Give to yourself and they shall receive
As women, we don’t always adapt well to being on the receiving end. Mindful living, as I wrote about a year ago, is essential to our ability to care for others:
How do we acknowledge that be cared for does not equate to losing power or control but actually improves outlook, wellbeing, and ability to deal with any challenges that we might be facing, that allowing others to “do” empowers and does not ‘de-power?’ Is it fear of refusal? Or fear of letting go?
Importantly, being cared for also refers to being cared for by ourselves. That means incorporating healthier habits that will add that extra armor we need as we age. As Kami says, “it is so easy for us to put everything and everyone else first and forget that by taking care of ourselves we actually are doing everyone a favor,” adding that “as a mother and a spouse, when I am less stressed out and taking care of my health and wellbeing it is a much better environment in my home.”
When was the last time you stepped back and really stopped to take stock? “Women spend so much time looking after/worrying about others that they don’t take enough care of themselves,” says Shonali. “We need to nurture ourselves first; only then will we be strong and capable enough to do this for others.” She adds an interesting point of view about taking time, that it’s not selfish. “We need to take a second look at the word ‘selfish’” explains Shonali. “It’s not selfish to be well. It’s not selfish to give yourself personal time and space. It’s not selfish to make your own health a priority. In fact, it’s the best kind of selflessness, because only then can we truly and wholly care for others.”
If you are still on fence about diving into a new routine, just try. Be present, engage in the moment. Start slowly and build up. You don’t need to run a marathon the first time you step out in your new sneakers. And you don’t have anything to prove. However, also? Don’t lose sight of the joy and fun as you move through your goals: the humorist Josh Billings said it best:
“There’s lots of people who spend so much time watching their health, they haven’t got time to enjoy it.”
Motivating women. There are three in my immediate horizon and thousands more around me. And you? Take some time and look around. I bet you’ll be glad that you did!
We’re taking a break from our regular Wednesday Bubble and talking with three amazing women, Shonali Burke, Kami Watson Huyse and Julie Pippert. These women are graciously sharing their stories about the turn that their lives have taken with regard to health and fitness. Change is never easy, but neither is aging. That’s why I have been so intrigued by the upsurge I’m witnessing in the number of women in their 40s who seem to be committed to changing bad habits before those bad habits change them.
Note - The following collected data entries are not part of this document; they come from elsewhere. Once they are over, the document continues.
(* [max_upto K L] is the largest of [K 0, ..., K (L - 1)]: how much input is
   needed to know the first [L] outputs. *)
Fixpoint max_upto (L : nat) : nat :=
  match L with 0 => 0 | S L' => max (max_upto L') (K L') end.

Lemma max_upto_le L k : max_upto L <= k <-> (forall m, m < L -> K m <= k).
Proof.
  induction L; simpl; [split; intros; lia|].
  rewrite Nat.max_lub_iff, IHL; split.
  - intros [H1 H2] m Hm; destruct (Nat.eq_dec m L); subst; auto; apply H1; lia.
  - intros H; split; auto.
Qed.

Lemma all_answered_prefix L k :
  all_answered a L (prefix_code p k) = if max_upto L <=? k then 1 else 0.
Proof.
  unfold all_answered.
  assert (E : bcount (fun m => 1 - answered a m (prefix_code p k)) L = 0 <-> max_upto L <= k).
  { rewrite bcount_zero, max_upto_le; split; intros H m Hm; specialize (H m Hm);
      rewrite answered_prefix in *; destruct (Nat.leb_spec (K m) k); lia. }
  destruct (Nat.leb_spec (max_upto L) k); [rewrite (proj2 E) by auto; lia|].
  assert (bcount (fun m => 1 - answered a m (prefix_code p k)) L <> 0) by (rewrite E; lia); lia.
Qed.

Lemma answers_code_prefix L k :
  max_upto L <= k -> answers_code a L (prefix_code p k) = prefix_code q L.
Proof.
  intro Hm; apply tabulate_code_prefix; intros m Hl.
  apply answer_prefix, max_upto_le with (L := L); auto.
Qed.
End RunSemantics.
Lemma back_back v m j : m + j <= n -> back (back v m) j = back v (m + j).
Proof.
move=> le_mjn; have := ltn_ord v => ltv; apply: ord_inj.
rewrite !backE ?(backE v) //; try lia; repeat case: ifP; lia.
Qed.

Lemma back_inj j : j <= n -> injective (back^~ j).
Proof.
move=> le_jn v w /(congr1 (@nat_of_ord n)); rewrite !backE //.
have := ltn_ord v; have := ltn_ord w => ltw ltv eq_vw; apply: ord_inj.
by move: eq_vw; repeat case: ifP; lia.
Qed.

Lemma cdist_back v j : j < n -> cdist (back v j) v = j.
Proof.
move=> lt_jn; have := ltn_ord v => ltv.
by rewrite cdistE backE ?(ltnW lt_jn) //; repeat case: ifP; lia.
Qed.

Lemma back_cdist e v : back v (cdist e v) = e.
Proof.
have := ltn_ord e; have := ltn_ord v => ltv lte; apply: ord_inj.
rewrite backE ?(ltnW (cdist_lt e v)) // cdistE; repeat case: ifP; lia.
Qed.

Lemma cdist_to_back h v m : m <= cdist h v -> cdist h (back v m) = cdist h v - m.
Proof.
move=> le_mK; have := cdist_lt h v => ltKn.
have def_h : h = back (back v m) (cdist h v - m) by rewrite back_back subnKC ?back_cdist //; lia.
by rewrite {1}def_h cdist_back //; lia.
Qed.

Lemma cdist_rev e f : cdist (rev_ord f) (rev_ord e) = cdist e f.
Proof.
have := ltn_ord e; have := ltn_ord f => ltf lte.
by rewrite !cdistE /=; repeat case: ifP; lia.
Qed.

Lemma subpathE e v x : (x \in subpath e v) = (cdist x v <= cdist e v).
Proof.
have := ltn_ord e; have := ltn_ord v; have := ltn_ord x => ltx ltv lte.
by rewrite inE !cdistE; repeat case: ifP; lia.
Qed.

Lemma sum_subpath e v (F : 'I_n -> nat) :
  \sum_(x in subpath e v) F x = \sum_(0 <= j < (cdist e v).+1) F (back v j).
Proof.
have back_bij : bijective (fun j : 'I_n => back v j).
  exists (fun x => Ordinal (cdist_lt x v)) => [j|x]; last exact: back_cdist.
  by apply: ord_inj; rewrite /= cdist_back.
rewrite (reindex _ (onW_bij _ back_bij)) big_mkord.
rewrite (big_ord_widen n (fun j => F (back v j))) ?cdist_lt //.
by apply: eq_bigl => j; rewrite subpathE cdist_back.
Qed.

Lemma subpath_rev e f : subpath (rev_ord f) (rev_ord e) = @rev_ord n @^-1: subpath e f.
Proof.
by apply/setP => x; rewrite [RHS]inE subpathE inE -[x in cdist _ x]rev_ordK !cdist_rev.
Qed.

Definition walk_sum (F : 'I_n -> nat) v k := \sum_(1 <= j < k.+1) F (back v j).

Lemma walk_sum_add F v m k :
  m + k <= n -> walk_sum F v (m + k) = walk_sum F v m + walk_sum F (back v m) k.
Proof.
move=> le_mkn; rewrite /walk_sum (big_cat_nat (n := m.+1)) //=; last by rewrite ltnS leq_addr.
congr (_ + _); rewrite -(add1n m) big_addn (_ : _ - m = k.+1); last lia.
by apply: eq_big_nat => j /andP[_ ltjk]; rewrite back_back addnC //; lia.
Qed.

Lemma walk_sumS F v k : walk_sum F v k.+1 = walk_sum F v k + F (back v k.+1).
Proof. by rewrite /walk_sum big_nat_recr. Qed.

End Cycle.

Section Balance.

Variables (n : nat) (P : {set 'I_n}) (tok : 'I_n -> nat).
Implicit Types e h v w x : 'I_n.

(* With P := D2 and tok := S1 this is (HGC); with P := D1 and tok := S2,
   [balanced_suffix] is (VGC). *)
Definition balanced_prefix h v := exists e,
  subpath h e \proper subpath h v /\ #|subpath h e :&: P| = \sum_(x in subpath h e :&: ~: P) tok x.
Last Thursday, the Centers for Disease Control and Prevention released a report outlining a trend among the medical community to increase its efforts to recommend that adults participate in exercise and other forms of physical activity. Since 2000, there has been a 40% increase in the number of adults who have been advised to incorporate exercise into their routines. Importantly, however, at each time point measured in the National Health Interview Survey, women were much more likely than men to have been advised to exercise. While this aspect of the Survey doesn’t elaborate on these data, studies have shown that gender does influence obesity rates and that worldwide, more women than men are obese. Not only are women challenged to run household and care for children, but many also work outside the home. This doesn’t leave a lot of time for meal planning and even less, for exercise. Nevertheless, both are essential for good health and wellbeing.
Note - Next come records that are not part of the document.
Lemma dsum_span : (forall i, fin_gen (Ms i)) -> exists GM : seq M, forall m, in_span GM m.
Proof.
move=> hfg; have hG i : {G : seq (Ms i) | forall v, in_span G v}.
  exact: constructive_indefinite_description (fin_gen_span (hfg i)).
exists (flatten [seq map (iM i) (sval (hG i)) | i <- enum 'I_n]) => m C hC hGC.
have [y ->] := dsum_coords m; apply: (submod_sum hC) => i.
apply: (span_image_rlin (hM.1 i) (svalP (hG i) (y i))) => // g /mapP [x hx ->].
apply: hGC; apply/flatten_mapP.
by exists i; [rewrite mem_enum | apply: map_f].
Qed.

End DirectSum.

Section SpanType.
Variables (R : nzRingType) (W : lmodType R^c) (G : seq W).

Definition span_pred : pred W := fun w => asbool (in_span G w).

Lemma span_predP w : reflect (in_span G w) (w \in span_pred).
Proof. exact: asboolP. Qed.

Lemma span_pred_closed : subsemimod_closed span_pred.
Proof.
have hS := span_submod G.
split; first split.
- by apply/span_predP; apply: (submod0 hS).
- by move=> x y /span_predP hx /span_predP hy; apply/span_predP; apply: submodD hS _ _ hx hy.
- by move=> a x /span_predP hx; apply/span_predP; apply: submodZ hS _ _ hx.
Qed.

HB.instance Definition _ := GRing.isSubmodClosed.Build _ _ span_pred span_pred_closed.

Definition span_type := {w : W | w \in span_pred}.
HB.instance Definition _ := [isSub of span_type for val].
HB.instance Definition _ := [Choice of span_type by <:].
HB.instance Definition _ := [SubChoice_isSubLmodule of span_type by <:].

Definition to_span (v : W) : span_type := insubd 0 v.

Lemma to_spanK v : in_span G v -> val (to_span v) = v.
Proof. by move=> hv; rewrite val_insubd; case: span_predP. Qed.

Lemma val_to_span (d : span_type) : to_span (val d) = d.
Proof. exact: valKd. Qed.

Lemma in_span_val (d : span_type) : in_span G (val d).
Proof. exact/span_predP/valP. Qed.

Lemma rlin_val : rlin (val : span_type -> W).
Proof. by []. Qed.

Lemma lin_on_to_span : lin_on (in_span G) to_span.
Proof.
move=> a x y hx hy; apply: val_inj.
by rewrite /= !to_spanK //; apply: submodZD (span_submod G) _ _ _ hx hy.
Qed.

Lemma span_type_fin_gen : fin_gen span_type.
Proof.
apply: (@span_fin_gen _ _ (map to_span G)) => d.
rewrite -(val_to_span d); apply: span_image (span_submod G) lin_on_to_span _ (in_span_val d).
exact: span_mem.
Qed.

End SpanType.

Section SpanProjection.
Variables (R : nzRingType) (W : lmodType R^c) (G : seq W).
Variable pi : span_type G -> span_type G.
Hypothesis hpi : rlin pi.

Definition span_proj (v : W) : W := val (pi (to_span G v)).

Lemma lin_on_span_proj : lin_on (in_span G) span_proj.
Proof. by move=> a x y hx hy; rewrite /span_proj lin_on_to_span // hpi. Qed.

Lemma span_proj_image v : in_span G v -> in_span (map span_proj G) (span_proj v).
Proof.
by apply: span_image (span_submod G) lin_on_span_proj _ => g; apply: span_mem.
Qed.

Lemma span_proj_subset v : in_span (map span_proj G) v -> in_span G v.
Proof. by apply=> [|_ /mapP [g _ ->]]; [apply: span_submod | apply: in_span_val]. Qed.

(* The span of the projected generators stays inside [A], hence misses [d0]. *)
Lemma span_proj_strict (A : span_type G -> Prop) (d0 : span_type G) :
  submod A -> (forall d, A (pi d)) -> ~ A d0 ->
  exists v, in_span G v /\ ~ in_span (map span_proj G) v.
Proof.
move=> hA hpiA nd0; exists (val d0); split; first exact: in_span_val.
move=> /(_ (fun v => in_span G v /\ A (to_span G v))) [] //; last by rewrite val_to_span.
  split; first split; first exact: (submod0 (span_submod G)).
    by rewrite (lin_on0 (span_submod G) (@lin_on_to_span _ _ G)); apply: submod0.
  move=> a x y [hx hAx] [hy hAy]; split; first exact: (submodZD (span_submod G)).
  by rewrite lin_on_to_span //; apply: submodZD.
move=> _ /mapP [g _ ->]; rewrite /span_proj val_to_span.
by split; [apply: in_span_val | apply: hpiA].
Qed.

End SpanProjection.

Section Retract.
Variables (R : nzRingType) (M W : lmodType R^c).

(* [D] is a retract of a finite power of [M]: the inclusion [D -> W] factors
   as [D -> M^k -> W], through maps [W -> M] that are linear on [D]. *)
Definition M_retract (D : W -> Prop) :=
  exists s : seq ((W -> M) * {g : M -> W | rlin g}),
    List.Forall (fun fg => lin_on D fg.1) s /\
    forall w, D w -> w = \sum_(fg <- s) sval fg.2 (fg.1 w).

Lemma M_retract0 D : (forall w, D w -> w = 0) -> M_retract D.
Proof. by move=> h0; exists [::]; split=> // w /h0 ->; rewrite big_nil. Qed.

Lemma M_retract_dsum (D A B : W -> Prop) (piA piB : W -> W) :
  lin_on D piA -> lin_on D piB ->
  (forall v, D v -> A (piA v)) -> (forall v, D v -> B (piB v)) ->
  (forall v, D v -> v = piA v + piB v) ->
  M_retract A -> M_retract B -> M_retract D.
Proof.
move=> lA lB hA hB hAB [sA [lsA eA]] [sB [lsB eB]].
exists (map (fun fg => (fg.1 \o piA, fg.2)) sA ++ map (fun fg => (fg.1 \o piB, fg.2)) sB).
split.
  apply/List.Forall_app; split; apply/List.Forall_map.
    by apply: List.Forall_impl lsA => fg; apply: lin_on_comp.
  by apply: List.Forall_impl lsB => fg; apply: lin_on_comp.
by move=> w hw; rewrite big_cat !big_map -eA -?eB; auto.
Qed.

End Retract.

Section FiniteRepresentationType.
Local Unset Implicit Arguments.
Variable R : nzRingType.
Hypothesis hart : artinian R.
Variable S : lmodType R^c -> Prop.
Hypothesis hsub : closed_sub S.
Variables (n : nat) (Ms : 'I_n -> lmodType R^c).
Hypothesis hMsall : forall V : lmodType R^c, S V -> fin_gen V -> indecomposable V ->
  exists i, riso V (Ms i).
Variables (M : lmodType R^c) (iM : forall i, Ms i -> M).
Hypothesis hM : is_dsum Ms M iM.
Variables (W : lmodType R^c) (hW : S W).

Lemma iso_M_retract (G : seq W) i : riso (span_type G) (Ms i) -> M_retract M (in_span G).
Proof.
case=> f [hf [finv fK finvK]]; have [pi [hpi piK]] := dsum_proj _ _ _ _ _ hM i.
have hg : rlin (val \o finv \o pi).
  exact: rlin_comp (rlin_comp (@rlin_val _ _ G) (rlin_can hf fK finvK)) hpi.
exists [:: (fun w => iM i (f (to_span G w)), exist _ _ hg)]; split.
  apply: List.Forall_cons => //= a x y hx hy.
  by rewrite lin_on_to_span // hf (hM.1 i).
by move=> w hw; rewrite big_seq1 /= piK fK to_spanK.
Qed.

Lemma span_M_retract (G : seq W) : M_retract M (in_span G).
Proof.
elim/(span_strict_ind hart): G => G IH.
have hSG : S (span_type G) := hsub _ _ val hW (@rlin_val _ _ G) val_inj.
have [hind|] := classic (indecomposable (span_type G)).
  have [i hi] := hMsall _ hSG (span_type_fin_gen G) hind.
  exact: iso_M_retract hi.
case/not_indecomposable => [h0|[A [B [hA hB dAB cAB [[a0 [ha0 nza0]] [b0 [hb0 nzb0]]]]]]].
  by apply: M_retract0 => w hw; rewrite -(to_spanK hw) (h0 (to_span G w)).
have [pi [hpi hpiAB]] := complement_proj hA hB dAB cAB.
have hpi' : rlin (fun d => d - pi d).
  by move=> a x y; rewrite hpi scalerBr addrACA opprD.
apply: (M_retract_dsum (piA := span_proj pi) (piB := span_proj (fun d => d - pi d))).
- exact: lin_on_span_proj.
- exact: lin_on_span_proj.
- exact: span_proj_image.
- exact: span_proj_image.
- move=> v hv; rewrite /span_proj -(rlinD (@rlin_val _ _ G)) subrKC to_spanK //.
- apply: IH; first exact: span_proj_subset.
  apply: (span_proj_strict (A := A) (d0 := b0)) => // [d|hAb0]; first by case: (hpiAB d).
  exact: nzb0 (dAB _ hAb0 hb0).
- apply: IH; first exact: span_proj_subset.
  apply: (span_proj_strict (A := B) (d0 := a0)) => // [d|hBa0]; first by case: (hpiAB d).
  exact: nza0 (dAB _ ha0 hBa0).
Qed.

End FiniteRepresentationType.

Section Lift.
Variables (R : nzRingType) (M X P : lmodType R^c).
Variable u : {h : M -> X | rlin h} -> M -> P.
Hypothesis hu : forall h, rlin (u h).
Variable p : P -> X.
Hypotheses (hp : rlin p) (hpu : forall h m, p (u h m) = sval h m).

Definition retract_lift (s : seq ((X -> M) * {h : M -> X | rlin h})) (w : X) : P :=
  \sum_(fg <- s) u fg.2 (fg.1 w).

Lemma lin_on_retract_lift (D : X -> Prop) s :
  List.Forall (fun fg => lin_on D fg.1) s -> lin_on D (retract_lift s).
Proof.
rewrite /retract_lift; elim=> [|fg s' hfg _ IH] a x y hx hy.
  by rewrite !big_nil scaler0 addr0.
by rewrite !big_cons hfg // hu IH // scalerDr addrACA.
Qed.

Lemma p_retract_lift s w : p (retract_lift s w) = \sum_(fg <- s) sval fg.2 (fg.1 w).
Proof. by rewrite (rlin_sum hp); apply: eq_bigr => fg _; rewrite hpu. Qed.

End Lift.

Section EHom.
Variables (R : nzRingType) (M : lmodType R^c) (N : zmodType).
Variable act : N -> (M -> M) -> N.

Lemma EhomToHom_sum (Y : lmodType R^c) (f : N -> M -> Y) : EhomToHom act f ->
  forall I (s : seq I) (F : I -> N) m, f (\sum_(i <- s) F i) m = \sum_(i <- s) f (F i) m.
Proof.
move=> [_ [hfD _]] I s F m; elim: s => [|i s IH]; last by rewrite !big_cons hfD IH.
have := congr1 (fun F => F m) (hfD 0 0); rewrite addr0 !big_nil => e.
by apply: (addrI (f 0 m)); rewrite addr0 -e.
Qed.

Lemma EhomToHom_comp (Y Z : lmodType R^c) (D : Y -> Prop) (f : N -> M -> Y) (L : Y -> Z) :
  EhomToHom act f -> lin_on D L -> (forall x m, D (f x m)) ->
  EhomToHom act (fun x => L \o f x).
Proof.
move=> [hf1 [hf2 hf3]] hL hfD; split; first by move=> x a m m'; rewrite /= hf1 hL.
split=> [x x'|x t ht]; last by rewrite hf3.
by apply: functional_extensionality => m; rewrite /= hf2 (lin_onD hL).
Qed.

Lemma EhomToHom_span (Y : lmodType R^c) (f : N -> M -> Y) a (g : 'I_a -> N) (GM : seq M) :
  EhomToHom act f -> (forall m, in_span GM m) ->
  (forall x, exists e : 'I_a -> M -> M,
     (forall j, isEnd (e j)) /\ x = \sum_(j < a) act (g j) (e j)) ->
  exists G0 : seq Y, forall x m, in_span G0 (f x m).
Proof.
move=> hf hGM hgen; exists (flatten [seq map (f (g j)) GM | j <- enum 'I_a]) => x m.
have [e [he ->]] := hgen x; rewrite EhomToHom_sum //.
apply: (submod_sum (span_submod _)) => j; rewrite hf.2.2 //=.
apply: span_subset (span_image_rlin (hf.1 (g j)) (hGM (e j m))) => _ /mapP [y hy ->].
apply: span_mem; apply/flatten_mapP.
by exists j; [rewrite mem_enum | apply: map_f].
Qed.

End EHom.

Lemma factor_through_kernel (R : nzRingType) (M K P X : lmodType R^c)
    (k : K -> P) (p : P -> X) (psi : M -> P) :
  rlin k -> injective k -> (forall y, p y = 0 <-> exists z, k z = y) ->
  rlin psi -> p \o psi = (fun _ => 0) -> exists phi : M -> K, rlin phi /\ k \o phi = psi.
Proof.
move=> hk kinj hker hpsi e.
have hex m : exists z, k z = psi m by apply/hker; exact: (congr1 (fun F => F m) e).
pose phi m := sval (constructive_indefinite_description _ (hex m)).
have phiK m : k (phi m) = psi m by rewrite /phi; case: constructive_indefinite_description.
exists phi; split; last by apply: functional_extensionality => m; apply: phiK.
by move=> a x y; apply: kinj; rewrite hk !phiK hpsi.
Qed.

Theorem lemma11 (R : nzRingType) (S : lmodType R^c -> Prop)
  (hart : artinian R) (hds : closed_dsum S) (hsub : closed_sub S)
  (hR : S (R^c)^o)
  (n : nat) (Ms : 'I_n -> lmodType R^c)
  (hMsS : forall i, S (Ms i)) (hMsfg : forall i, fin_gen (Ms i))
  (hMsind : forall i, indecomposable (Ms i))
  (hMsdist : forall i j, i <> j -> ~ riso (Ms i) (Ms j))
  (hMsall : forall V : lmodType R^c, S V -> fin_gen V -> indecomposable V ->
             exists i, riso V (Ms i))
  (M : lmodType R^c) (iM : forall i, Ms i -> M) (hM : is_dsum Ms M iM)
  (X : lmodType R^c) (hX : S X)
  (P : lmodType R^c) (u : {h : M -> X | rlin h} -> M -> P)
  (hP : is_dsum (fun _ => M) P u)
  (p : P -> X) (hp : rlin p) (hpu : forall h m, p (u h m) = sval h m)
  (K : lmodType R^c) (k : K -> P) (hk : rlin k) (hkinj : injective k)
  (hker : forall y, p y = 0 <-> exists z, k z = y) :
  (* exactness of 0 -> Hom(M,K) -> Hom(M,P) -> Hom(M,X) -> 0 *)
  (forall phi phi' : M -> K, rlin phi -> rlin phi' -> k \o phi = k \o phi' -> phi = phi') /\
  (forall phi : M -> K, rlin phi -> p \o (k \o phi) = (fun _ => 0)) /\
  (forall psi : M -> P, rlin psi -> p \o psi = (fun _ => 0) ->
     exists phi : M -> K, rlin phi /\ k \o phi = psi) /\
  (forall phi : M -> X, rlin phi -> exists psi : M -> P, rlin psi /\ p \o psi = phi) /\
  (* purity: Hom_E(N, Hom(M,p)) surjective for every f.p. right E-module N *)
  (forall (N : zmodType) (act : N -> (M -> M) -> N),
     rEmod act -> fin_pres act ->
     forall f : N -> M -> X, EhomToHom act f ->
     exists f' : N -> M -> P, EhomToHom act f' /\ forall x, p \o f' x = f x).
Proof.
split; [|split; [|split; [|split]]].
- move=> phi phi' _ _ e; apply: functional_extensionality => m.
  by apply: hkinj; exact: (congr1 (fun F => F m) e).
- by move=> phi _; apply: functional_extensionality => m /=; apply/hker; exists (phi m).
- by move=> psi; apply: factor_through_kernel.
- move=> phi hphi; exists (u (exist _ phi hphi)); split; first exact: hP.1.
  by apply: functional_extensionality => m /=; rewrite hpu.
- move=> N act _ [a [_ [g [_ [_ [hgen _]]]]]] f hf.
  have [GM hGM] := dsum_span _ _ _ _ _ hM hMsfg.
  have [G0 hG0] := EhomToHom_span hf hGM hgen.
  have [s [ls es]] := span_M_retract _ hart _ hsub _ _ hMsall _ _ hM _ hX G0.
  exists (fun x => retract_lift u s \o f x); split.
    exact: EhomToHom_comp hf (lin_on_retract_lift hP.1 ls) hG0.
  by move=> x; apply: functional_extensionality => m /=; rewrite p_retract_lift // -es.
Qed.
A few years ago, my friend, cookbook author Mollie Katzen suggested to me during our interview that even if women do nothing differently, as they age their bodies become less efficient metabolic machines, adding that one of the most consistent things she’s observed amongst her friends is the “oh my god, what happened to my body” moment. The ‘I’m minding my business, doing the same things I’ve always done and all of a sudden, I’ve got this spare tire, I’ve got the fat” epiphany. The answer?
Trial and Error
Health is trial and error. What works for one woman might not be exactly what works for another. We all need to forge our dietary paths and strategies that work for both our individual metabolism and our bodies. And if it isn’t working? Change it up and aim higher. Or differently.
Shonali explains that her trainer introduced her to two dietary strategies: The Primal Blueprint (aka, the Paleo diet, which focuses on balancing insulin levels in your body) and Gary Taubes’ Why We Get Fat‘ (again, focusing on insulin regulation). She says that while “there have been lapses,” I typically eat no grains, legumes or processed foods/foods high in sugar.” What strikes me as the most important thing in Shonali’s incorporation of a new way of eating into her life is that she tries to cook a meal every day consisting of a healthy salad and an entree that is protein-rich but also, she is “careful not to let myself feel hungry; if I am hungry, I eat…I just eat the foods I know are good for me.”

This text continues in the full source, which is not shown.